_Extracted records_.
Definition xminus_seq (u : seq (nroot * nat)) : word r := [seq (nroot_mx y.1, y.2) | y <- u].
Definition xplus_seq (X : seq (nat * nat)) : word r := [seq (xplus r x.1, x.2) | x <- X].

Definition tail_degree t (M : seq (nat * nat)) := sumn [seq q.2 | q <- M & (t <= q.1)%N].

Definition dominates M M' := forall t, (tail_degree t M' <= tail_degree t M)%N.
Definition sdominates M M' := dominates M M' /\ exists t, (tail_degree t M' < tail_degree t M)%N.

(* A letter [x^-_{i,r-1} t^l] is charged like [x^+_{r,r} t^l]: bracketing with [x^+_{i,r}]
   turns it into [x^+_{r,r}], and it is itself the bracket of some [x^+_{a,r}] with an
   [x^-_{_,\bar _}]. *)
Definition charge (y : nroot * nat) : seq (nat * nat) :=
  if ~~ y.1.1.1 && (y.1.2.+1 == r) then [:: (r, y.2)] else [::].

Definition charges u := flatten (map charge u).
Definition potential u X := charges u ++ X.

(* The invariant of every term [x^-(u') x^+(X')] produced by normal-ordering [x^+(X) x^-(u)] *)
Definition improves u' X' u X :=
  [/\ all (fun y => nroot_valid y.1) u', all xroot_valid X',
      dominates (potential u' X') (potential u X) &
      u' = [::] -> u <> [::] -> sdominates (potential u' X') (potential u X)].

Lemma tail_degree_cat t M M' : tail_degree t (M ++ M') = (tail_degree t M + tail_degree t M')%N.
Proof. by rewrite /tail_degree filter_cat map_cat sumn_cat. Qed.

Lemma tail_degree_nil t : tail_degree t [::] = 0%N.
Proof. by []. Qed.
(* Let $F$ be a finite rooted poset with root $\bot$ and height greater than $1$, such that $F$ validates $\mathbf{PL}_n$. Let $s,t$ be top (maximal) elements of $F$. Then there is a path $a_0a_1\cdots a_m$ with $a_0=s$, $a_m=t$, all $a_i\in{\uparrow^\circ\bot}$, such that for each $i$: ${\uparrow^\circ a_i}=\varnothing$ when $i$ is even, and ${\uparrow^\circ a_i}=\{a_{i-1},a_{i+1}\}$ when $i$ is odd.
   Context: For $x$ in a poset, ${\uparrow^\circ x}=\{y:y>x\}$. A path is a sequence $a_0\cdots a_m$ in which for each $i$ either $a_i<a_{i+1}$ or $a_i>a_{i+1}$. The height of a poset is the supremum of $|C|-1$ over chains $C$. A p-morphism $f$ satisfies $f(\uparrow x)=\uparrow f(x)$; an up-reduction of $F$ onto $G$ is a surjective p-morphism from an upset of $F$ onto $G$. For a finite rooted poset $Q$, $\chi(Q)$ is its Jankov–Fine formula: a frame validates $\chi(Q)$ iff it has no up-reduction onto $Q$. $\mathbf{BD}_n$ is the logic of all finite frames of height at most $n$. The 3-fork is $\{r,a,b,c\}$ with $r<a,r<b,r<c$ only; the Scott frame is $\{r,u_1,u_2,v\}$ with $r<u_1<u_2$, $r<v$ (and $r<u_2$) only. $\mathbf{PL}_n$ is the smallest intermediate logic containing $\mathbf{BD}_n$, $\chi(\text{3-fork})$ and $\chi(\text{Scott frame})$. *)

From mathcomp Require Import all_boot.
Set Implicit Arguments. Unset Strict Implicit. Unset Printing Implicit Defensive.

Definition is_poset (T : finType) (le : rel T) : Prop :=
  reflexive le /\ antisymmetric le /\ transitive le.

Definition slt (T : finType) (le : rel T) (x y : T) : bool := le x y && (x != y).

Definition is_chain (T : finType) (le : rel T) (C : {set T}) : bool :=
  [forall x in C, forall y in C, le x y || le y x].

Definition height (T : finType) (le : rel T) : nat :=
  \max_(C : {set T} | is_chain le C) (#|C|).-1.

Definition is_upset (T : finType) (le : rel T) (U : {set T}) : Prop :=
  forall x y, x \in U -> le x y -> y \in U.

(* f restricted to the upset U is a surjective p-morphism onto (T', le'):
   f(up x) = up (f x) for x in U (up x lies inside U since U is an upset). *)
Definition up_reduction (T T' : finType) (le : rel T) (le' : rel T')
    (U : {set T}) (f : T -> T') : Prop :=
  [/\ is_upset le U,
      (forall z : T', exists2 x, x \in U & f x = z),
      (forall x y, x \in U -> le x y -> le' (f x) (f y)) &
      (forall x z, x \in U -> le' (f x) z -> exists2 y, le x y & f y = z)].

Definition has_up_reduction (T T' : finType) (le : rel T) (le' : rel T') : Prop :=
  exists (U : {set T}) (f : T -> T'), up_reduction le le' U f.

(* The 3-fork: r = 0, a = 1, b = 2, c = 3. *)
Definition fork_le : rel 'I_4 := fun i j => (i == j) || (val i == 0).
(* The Scott frame: r = 0, u1 = 1, u2 = 2, v = 3; r < everything, u1 < u2. *)
Definition scott_le : rel 'I_4 :=
  fun i j => [|| i == j, val i == 0 | (val i == 1) && (val j == 2)].

Inductive form : Type :=
| Var of nat
| Bot
| And of form & form
| Or of form & form
| Imp of form & form.

Fixpoint forces (T : finType) (le : rel T) (V : nat -> T -> bool) (x : T)
    (phi : form) : bool :=
  match phi with
  | Var p => V p x
  | Bot => false
  | And a b => forces le V x a && forces le V x b
  | Or a b => forces le V x a || forces le V x b
  | Imp a b => [forall y, le x y ==> (forces le V y a ==> forces le V y b)]
  end.

Definition monotone_val (T : finType) (le : rel T) (V : nat -> T -> bool) : Prop :=
  forall p x y, le x y -> V p x -> V p y.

_Instructions for the task_. Repeat word for word the lines above that run from the line containing "Definition up_reduction (T" through the line containing "Definition scott_le : rel", both ends included, and nothing else.

_Written solution_.
Definition up_reduction (T T' : finType) (le : rel T) (le' : rel T')
    (U : {set T}) (f : T -> T') : Prop :=
  [/\ is_upset le U,
      (forall z : T', exists2 x, x \in U & f x = z),
      (forall x y, x \in U -> le x y -> le' (f x) (f y)) &
      (forall x z, x \in U -> le' (f x) z -> exists2 y, le x y & f y = z)].

Definition has_up_reduction (T T' : finType) (le : rel T) (le' : rel T') : Prop :=
  exists (U : {set T}) (f : T -> T'), up_reduction le le' U f.

(* The 3-fork: r = 0, a = 1, b = 2, c = 3. *)
Definition fork_le : rel 'I_4 := fun i j => (i == j) || (val i == 0).
(* The Scott frame: r = 0, u1 = 1, u2 = 2, v = 3; r < everything, u1 < u2. *)
Definition scott_le : rel 'I_4 :=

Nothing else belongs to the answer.